In some circumstances, one may still be considered a UM insured even though he is properly excluded under liability coverage. Such could happen if a policy has separate exclusions for its liability and UM sections, and the exclusions differ. This may also lead to more UM coverage than liability coverage mentioned earlier.
In Green v. Johnson, (La.10/15/14); 149 So.3d 766, a driver of a motorcycle was not considered an insured under the liability section of the policy due to specific liability exclusions. However, the UM section of the policy had its own exclusions with different language that did not exclude the motorcyclist from UM. Therefore, the court found that he was still considered a UM insured even though he was properly excluded under liability.
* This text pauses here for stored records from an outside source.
(* Let $\Delta$ be a finite tree, $\mathbb{G}=\mathbb{G}(\Delta)$ and $H\le\mathbb{G}$ a finite index subgroup. Let $p$ be an edge of $\Psi(H)$ joining vertices $v_1$ and $v_2$. Then $$\frac{L(v_1)}{l_{v_1}(p)}=\frac{L(v_2)}{l_{v_2}(p)}=r$$ for some positive integer $r$.
   Context: $\mathbb{G}(\Delta)$ is the right-angled Artin group with generators the vertices of $\Delta$ and relations $[u,v]=1$ for each edge. Conjugation: $g^h=hgh^{-1}$. $\widetilde{\Delta}^e$ (reduced extension graph) has as vertices the elements conjugate to canonical generators corresponding to vertices of degree greater than 1, adjacent iff they commute; $\mathbb{G}$ acts by conjugation. $\Psi(H)=H\backslash\widetilde{\Delta}^e$ is the quotient graph with quotient map $\gamma_H$. Labels: for a vertex $w$ of $\widetilde{\Delta}^e$, $\overline{L}(w)$ is the least positive $k$ with $w^k\in H$; for an edge $f$ joining $w_1,w_2$, $\overline{l}_{w_1}(f)$ is the least positive $k$ such that $w_1^kw_2^l\in H$ for some integer $l$. These are invariant under conjugation by $H$, and $L(v)=\overline{L}(w)$ for any $w$ with $\gamma_H(w)=v$, $l_{v_1}(p)=\overline{l}_{w_1}(f)$ for any edge $f$ with $\gamma_H(f)=p$ and endpoint $w_1$ with $\gamma_H(w_1)=v_1$. *)

From mathcomp Require Import all_boot all_order all_algebra.
From Stdlib Require Import Relations.
Set Implicit Arguments. Unset Strict Implicit. Unset Printing Implicit Defensive.

Definition simple_graph (V : finType) (e : rel V) :=
  ssrbool.symmetric e /\ ssrbool.irreflexive e.

Definition is_tree (V : finType) (e : rel V) : Prop :=
  [/\ simple_graph e, 0 < #|V|,
      (forall x y : V, connect e x y) &
      (forall c : seq V, 3 <= size c -> uniq c -> ~~ cycle e c)].

Definition degree (V : finType) (e : rel V) (v : V) : nat := #|[set u | e v u]|.

(* Elements are words over the letters v^(+1) = (v,false), v^(-1) = (v,true),
   taken up to the equivalence generated by free cancellation and by the
   defining relations [u,v] = 1 for each edge uv. *)
Section RAAG.
Variables (V : finType) (e : rel V).

Definition letter := (V * bool)%type.
Definition word := seq letter.
Definition linv (a : letter) : letter := (a.1, ~~ a.2).

Inductive raag_step : word -> word -> Prop :=
| step_free (u w : word) (a : letter) :
    raag_step (u ++ a :: linv a :: w) (u ++ w)
| step_comm (u w : word) (a b : letter) :
    e a.1 b.1 -> raag_step (u ++ a :: b :: w) (u ++ b :: a :: w).

Definition raag_eq : word -> word -> Prop := clos_refl_sym_trans word raag_step.

Definition winv (x : word) : word := rev (map linv x).
Fixpoint wpow (x : word) (n : nat) : word :=
  if n is n'.+1 then x ++ wpow x n' else [::].
Definition wzpow (x : word) (z : int) : word :=
  match z with Posz n => wpow x n | Negz n => winv (wpow x n.+1) end.

Definition gen (v : V) : word := [:: (v, false)].

Definition conj (g h : word) : word := h ++ g ++ winv h.

Definition is_subgroup (H : word -> Prop) : Prop :=
  [/\ (forall x y, raag_eq x y -> H x -> H y),
      H [::],
      (forall x y, H x -> H y -> H (x ++ y)) &
      (forall x, H x -> H (winv x))].

Definition finite_index (H : word -> Prop) : Prop :=
  exists T : seq word, forall g : word,
    exists t h, t \in T /\ H h /\ raag_eq g (t ++ h).

(* vertices of the reduced extension graph: conjugates of canonical generators
   of vertices of degree > 1 *)
Definition ext_vertex (w : word) : Prop :=
  exists (v : V) (h : word), 1 < degree e v /\ raag_eq w (conj (gen v) h).

(* adjacency in the reduced extension graph: distinct and commuting *)
Definition ext_adj (w1 w2 : word) : Prop :=
  ~ raag_eq w1 w2 /\ raag_eq (w1 ++ w2) (w2 ++ w1).

(* Lbar(w) = k : k is the least positive integer with w^k in H *)
Definition Lbar_is (H : word -> Prop) (w : word) (k : nat) : Prop :=
  0 < k /\ H (wpow w k) /\ (forall j, 0 < j -> H (wpow w j) -> k <= j).

(* lbar_{w1}(f) = k for the edge f joining w1 and w2 : k is the least positive
   integer such that w1^k w2^l in H for some integer l *)
Definition lbar_is (H : word -> Prop) (w1 w2 : word) (k : nat) : Prop :=
  0 < k /\ (exists l : int, H (wpow w1 k ++ wzpow w2 l)) /\
  (forall j, 0 < j -> (exists l : int, H (wpow w1 j ++ wzpow w2 l)) -> k <= j).

End RAAG.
In Elliott v Holmes, (La. App. 5 Cir. 11/19/15), 179 So. 3d 831, 838, reh’g denied (Dec. 4, 2015), a plaintiff worked for car dealership and was driving a customer’s car to the shop for service when he was rear-ended. The plaintiff filed suit against the customer’s UM carrier. The customer’s policy provided liability and UM coverage with limits of $500,000 per person, but had an exclusion limiting liability coverage to minimum limits ($15,000) for anyone while servicing the vehicle. Because the UM section of the policy had its own exclusions, which differed from the liability section by not having the same exclusion language, the reduction did not apply.
So, the statement of law in Filipski (no UM if not liability insured) still applies, but only if the same means of exclusion apply to the entire policy, including liability and UM sections.
UM Exclusions – Must be Clear
For any UM exclusion to be enforceable, the exclusion language must be clear. If not, UM coverage will be provided under the statutory presumption. In Mistich v. Weeks, 107 So.3d 1 (La. App. 3rd Cir. 2012), writ denied, 100 So.3d 838 (La. 2013), a UM claim was made under a “Comprehensive Automobile Policy” purchased by the claimant who was injured while driving a company vehicle provided to him for regular use. The UM claim was denied because the policy excluded coverage for any vehicle not showed on its Declarations. However, the court noted that the declarations page listed no automobiles and allotted no spaces for which to do so. Thus, the court found the policy exclusion was ambiguous, thus unenforceable, and UM was provided under Louisiana’s statutory presumption.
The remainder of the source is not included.